O relatório da Morph cita a previsão de que até 2028 a primeira economia emergente adotará uma stablecoin privada como moeda legal ao lado da sua moeda nacional, e que sub-regiões da África Subsaariana e da América Latina já registram stablecoins respondendo por mais de 20% de todas as transações digitais.
Para economias com moedas fracas e inflação crônica — e o Brasil conhece esse fenômeno de perto — isso pode ser interpretado como proteção individual contra a desvalorização. É uma ferramenta de soberania financeira pessoal. Mas é também a substituição da soberania monetária do Estado-nação por uma infraestrutura controlada por duas empresas privadas americanas, ambas sujeitas à regulação do governo dos EUA.
O GENIUS Act, assinado em lei nos EUA em julho de 2025, formaliza essa estrutura. Stablecoins são classificadas como instrumentos de pagamento, não como títulos nem commodities — o que remove o escrutínio da SEC e da CFTC.
Mas o mesmo ato proíbe explicitamente o pagamento de rendimento em stablecoins de pagamento, o que explica por que JPMorgan criou o MONY, fundo tokenizado que contorna essa restrição oferecendo rendimento via estrutura de depósito, não via stablecoin direta. A regulação resolve a ambiguidade jurídica que mantinha instituições na margem. E simultaneamente cristaliza quem manda.
O relatório não poupa a Tether de crítica. A S&P Global rebaixou a nota de estabilidade do USDT em fins de 2025, citando a exposição ao Bitcoin nas reservas — uma prática que contraria o modelo de reservas em dólar ou T-Bills exigido pelo GENIUS Act para emissores americanos. A análise do JPMorgan de 2024, citada no documento, apontava a falta de transparência do Tether como risco crescente de mercado.

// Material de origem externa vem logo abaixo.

(* The induced pressure depends on the words of [C] only through their lengths
   [g w = S_w phi] and their weights [a w = exp (S_w p)]. *)
Section window.
Variables (R : realType) (W : choiceType) (a : W -> \bar R) (C : set W) (eta : R).
Hypotheses (a_ge0 : forall w, (0 <= a w)%E) (eta_gt0 : 0 < eta).

Definition window (g : W -> R) (t : R) : set W :=
  [set w | C w /\ t - eta < g w /\ g w <= t].

Definition window_sum (g : W -> R) (t : R) : \bar R := \esum_(w in window g t) a w.

Definition window_pressure (g : W -> R) : \bar R := exp_growth_rate (window_sum g).

Lemma window_sum_ge0 g t : (0 <= window_sum g t)%E.
Proof. exact: esum_ge0. Qed.

Lemma esum_le_window_levels (A : set W) (h : W -> R) n :
  A `<=` C -> (forall w, A w -> 0 < h w <= n%:R * eta) ->
  (\esum_(w in A) a w <= \sum_(k < n.+1) \esum_(w in A `&` window h (k%:R * eta)) a w)%E.
Proof.
move=> AC h_bnd; under eq_bigr do rewrite esum_mkcondr.
rewrite -esum_sum; last by move=> w k _ _; case: ifP.
apply: le_esum => w Aw; have [k /andP[k_lt k_ge]] := level_exists eta_gt0 (h_bnd w Aw).
rewrite (bigD1 k) //= ifT; last by apply/mem_set; split; [exact: AC | split].
by rewrite leeDl // sume_ge0 // => i _; case: ifP.
Qed.

Lemma window_sum_transfer (g1 g : W -> R) (c t x : R) n :
  0 < c -> (forall w, C w -> c * g w <= g1 w <= g w) ->
  eta <= t -> t / c <= n%:R * eta -> 0 <= x ->
  ((x *+ n.+1)%:E < window_sum g1 t)%E ->
  exists k : nat, t - eta < k%:R * eta /\ (x%:E < window_sum g (k%:R * eta))%E.
Proof.
(* Pigeonhole over the [n + 1] levels of [g] met by the [g1]-window at [t]. *)
move=> c_gt0 g1g t_ge n_ge x_ge0 sum_gt.
have g_bnd w : window g1 t w -> 0 < g w <= n%:R * eta.
  move=> [Cw [g1_gt g1_le]]; have /andP[cg_le g1_le_g] := g1g w Cw.
  apply/andP; split; first by lra.
  by apply: le_trans n_ge; rewrite ler_pdivlMr //; lra.
have [k k_gt] : exists k : 'I_n.+1,
    (x%:E < \esum_(w in window g1 t `&` window g (k%:R * eta)) a w)%E.
  apply: exists_gt_of_sum_gt; apply: lt_le_trans sum_gt _.
  by apply: esum_le_window_levels g_bnd => w [].
have [[w [[Cw [g1_gt _]] [_ [_ g_le]]]]|/nonemptyPn empty] := pselect
    ((window g1 t `&` window g (k%:R * eta)) !=set0); last first.
  by move: k_gt; rewrite empty esum_set0 lte_fin ltNge x_ge0.
exists k; split; first by have /andP[_ ?] := g1g w Cw; lra.
by apply: lt_le_trans k_gt _; apply: le_esum_subset => ? [].
Qed.
Lemma adjmx_expr_hermitian D k : adjmx D = D -> adjmx (D ^+ k) = D ^+ k.
Proof.
move=> aD; elim: k => [|k IHk]; first exact: adjmx1.
by rewrite [in LHS]exprSr [in RHS]exprS -!mulmxE adjmxM IHk aD.
Qed.

Lemma hermitian_cube_mxtrace_sqr D c :
  adjmx D = D -> D ^+ 3 = c *: D -> \tr (D ^+ 2) = c * (\rank D)%:R.
Proof.
move=> aD D3; have D4 : D ^+ 2 * D ^+ 2 = c *: D ^+ 2.
  by rewrite -exprD -[(2 + 2)%N]/(1 + 3)%N exprD D3 expr1 -mulmxE -scalemxAr mulmxE -expr2.
have [c0 | c0] := eqVneq c 0.
  rewrite c0 mul0r (@hermitian_sqr_eq0 _ _ (D ^+ 2)) ?mxtrace0 //.
    exact: adjmx_expr_hermitian.
  by rewrite mulmxE D4 c0 scale0r.
pose E := c^-1 *: D ^+ 2.
have EE : E *m E = E.
  by rewrite /E -scalemxAl -scalemxAr mulmxE D4 !scalerA -mulrA mulVf ?mulr1.
have DE : D = D *m E.
  by rewrite /E -scalemxAr mulmxE -exprS D3 scalerA mulVf ?scale1r.
have rankE : \rank E = \rank D.
  apply/eqP; rewrite eqn_leq {2}DE mxrankM_maxr andbT.
  by rewrite /E eqmx_scale ?invr_eq0 // expr2 -mulmxE mxrankM_maxl.
by rewrite -rankE mxrank_idempotent // mxtraceZ mulrA mulfV ?mul1r.
Qed.

Lemma hermitian_expr3_scale D p : adjmx D = D -> p \is Num.real ->
  D ^+ 5 = p *: D ^+ 3 -> D ^+ 3 = p *: D.
Proof.
move=> aD preal D5.
have aDk k : adjmx (D ^+ k) = D ^+ k by apply: adjmx_expr_hermitian.
pose T := D ^+ 4 - p *: D ^+ 2; pose M := D ^+ 3 - p *: D.
have DM : D *m M = T by rewrite mulmxBr -scalemxAr mulmxE -!exprS.
have T0 : T = 0.
  have DT : D *m T = 0 by rewrite mulmxBr -scalemxAr mulmxE -!exprS D5 subrr.
  apply: hermitian_sqr_eq0; first by rewrite adjmxB adjmxZ_real ?aDk.
  rewrite {1}/T mulmxBl -scalemxAl (exprSr _ 3) (exprSr _ 1) -!mulmxE -!mulmxA DT.
  by rewrite !mulmx0 scaler0 subrr.
apply/eqP; rewrite -subr_eq0; apply/eqP/hermitian_sqr_eq0.
  by rewrite adjmxB adjmxZ_real ?aDk ?aD.
by rewrite -/M {1}/M mulmxBl -scalemxAl (exprSr _ 2) -mulmxE -mulmxA DM T0 mulmx0 scaler0 subrr.
Qed.

Lemma mxtrace_gram_mul_sqr_eq0 m (W : 'M[C]_(N, m)) Z :
  adjmx Z = Z -> \tr (W *m adjmx W *m (Z *m Z)) = 0 -> Z *m W = 0.
Proof.
move=> aZ tr0; apply: mxtrace_adjmx_mul_eq0.
by rewrite adjmxM aZ -tr0 -!mulmxA (mxtrace_mulC W) !mulmxA.
Qed.

End HermitianPowers.

Ltac mxexpand := repeat progress rewrite ?(mulmxBl, mulmxBr, mulmxDl, mulmxDr,
  mulNmx, mulmxN, mulmx1, mul1mx, scalerBr, scalerDr, scalerN)
  -?scalemxAr -?scalemxAl ?mulmxA.

Ltac mxlinear := apply/matrixP => i j; rewrite !mxE; ring.

Lemma mxtrace_expr_mulC (R : comPzRingType) N (A B : 'M[R]_N) m :
  \tr ((A *m B) ^+ m.+1) = \tr ((B *m A) ^+ m.+1).
Proof.
have shift k : (A *m B) ^+ k *m A = A *m (B *m A) ^+ k.
  elim: k => [|k IHk]; first by rewrite !expr0 mul1mx mulmx1.
  by rewrite !exprS -!mulmxE -!mulmxA IHk.
by rewrite exprSr [in RHS]exprS -!mulmxE mulmxA shift mxtrace_mulC mulmxA.
Qed.

Section Projections.
Variables (C : numClosedFieldType) (N : nat) (X Y : 'M[C]_N).
Hypotheses (idemX : X *m X = X) (idemY : Y *m Y = Y).

Let idemXr (M : 'M[C]_N) : M *m X *m X = M *m X. Proof. by rewrite -mulmxA idemX. Qed.
Let idemYr (M : 'M[C]_N) : M *m Y *m Y = M *m Y. Proof. by rewrite -mulmxA idemY. Qed.
Let idem := (idemX, idemY, idemXr, idemYr).

Lemma expr_mulmx_proj_mulr m : (X *m Y) ^+ m.+1 *m X = (X *m Y *m X) ^+ m.+1.
Proof.
elim: m => [|m IHm]; first by rewrite !expr1.
by rewrite [in RHS]exprSr -mulmxE -IHm exprSr -mulmxE; mxexpand; rewrite ?idem.
Qed.

Lemma mxtrace_expr_proj_sandwich m :
  \tr ((X *m Y) ^+ m.+1) = \tr ((X *m Y *m X) ^+ m.+1).
Proof.
rewrite -expr_mulmx_proj_mulr mxtrace_mulC exprS -mulmxE !mulmxA.
by rewrite idemX.
Qed.

Lemma proj_sub_expr3 : (X - Y) ^+ 3 = X - Y - (X *m Y *m X - Y *m X *m Y).
Proof. by rewrite !exprS expr0 -!mulmxE mulmx1; mxexpand; rewrite ?idem; mxlinear. Qed.

Lemma proj_sub_sqr_mulr : (X - Y) ^+ 2 *m X = X - X *m Y *m X.
Proof. by rewrite expr2 -mulmxE; mxexpand; rewrite ?idem; mxlinear. Qed.

Lemma proj_sub_sqr_mull : X *m (X - Y) ^+ 2 = X - X *m Y *m X.
Proof. by rewrite expr2 -mulmxE; mxexpand; rewrite ?idem; mxlinear. Qed.

Lemma mxtrace_proj_sub_sqr : \tr X = \tr Y ->
  \tr ((X - Y) ^+ 2) = 2 * \tr (X - X *m Y *m X).
Proof.
move=> trXY; have -> : (X - Y) ^+ 2 = X + Y - X *m Y - Y *m X.
  by rewrite expr2 -mulmxE; mxexpand; rewrite ?idem; mxlinear.
rewrite !raddfB raddfD /= -trXY -mulmxA (mxtrace_mulC X (Y *m X)) idemXr (mxtrace_mulC Y X).
ring.
Qed.

Section Relation.
Variable q : C.
Hypothesis rel : X *m Y *m X - Y *m X *m Y = q *: (X - Y).

Lemma proj_defect_sqr_rel :
  (X - X *m Y *m X) *m (X - X *m Y *m X) = (1 - q) *: (X - X *m Y *m X).
Proof.
have XYXYX : X *m Y *m X *m Y *m X
    = X *m Y *m X - X *m (X *m Y *m X - Y *m X *m Y) *m X.
  by mxexpand; rewrite ?idem; mxlinear.
rewrite rel in XYXYX.
by mxexpand; rewrite ?idem XYXYX; mxexpand; rewrite ?idem; mxlinear.
Qed.

Lemma expr_proj_sandwich_rel m : (X *m Y *m X) ^+ m.+1
  = X - (\sum_(i < m.+1) q ^+ i) *: (X - X *m Y *m X).
Proof.
have BB := proj_defect_sqr_rel.
set B := X - X *m Y *m X in BB *.
have XYX_B : X *m Y *m X = X - B by rewrite /B opprB addrC subrK.
have BX : B *m X = B by rewrite /B; mxexpand; rewrite ?idem.
have XB : X *m B = B by rewrite /B; mxexpand; rewrite ?idem.
clearbody B; elim: m => [|m IHm]; first by rewrite expr1 big_ord1 expr0 scale1r XYX_B.
have sumS : \sum_(i < m.+2) q ^+ i = 1 + q * \sum_(i < m.+1) q ^+ i.
  rewrite big_ord_recl expr0 mulr_sumr; congr (_ + _).
  by apply: eq_bigr => i _; rewrite exprS.
rewrite exprSr -mulmxE IHm XYX_B sumS !mulmxBl !mulmxBr -!scalemxAl BX XB BB idemX.
mxlinear.
Qed.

Mais recentemente, a Tether lançou a USAT para cumprir as exigências do GENIUS Act, enqunto mantém a USDT com adoção global e reservas mais flexíveis, divulgadas na página de transparência do site. Atualmente, Bitcoin compõe 4,37% das reservas do USDT, enquanto a maior parte é composta por tesouro americano e outros depósitos de curto prazo.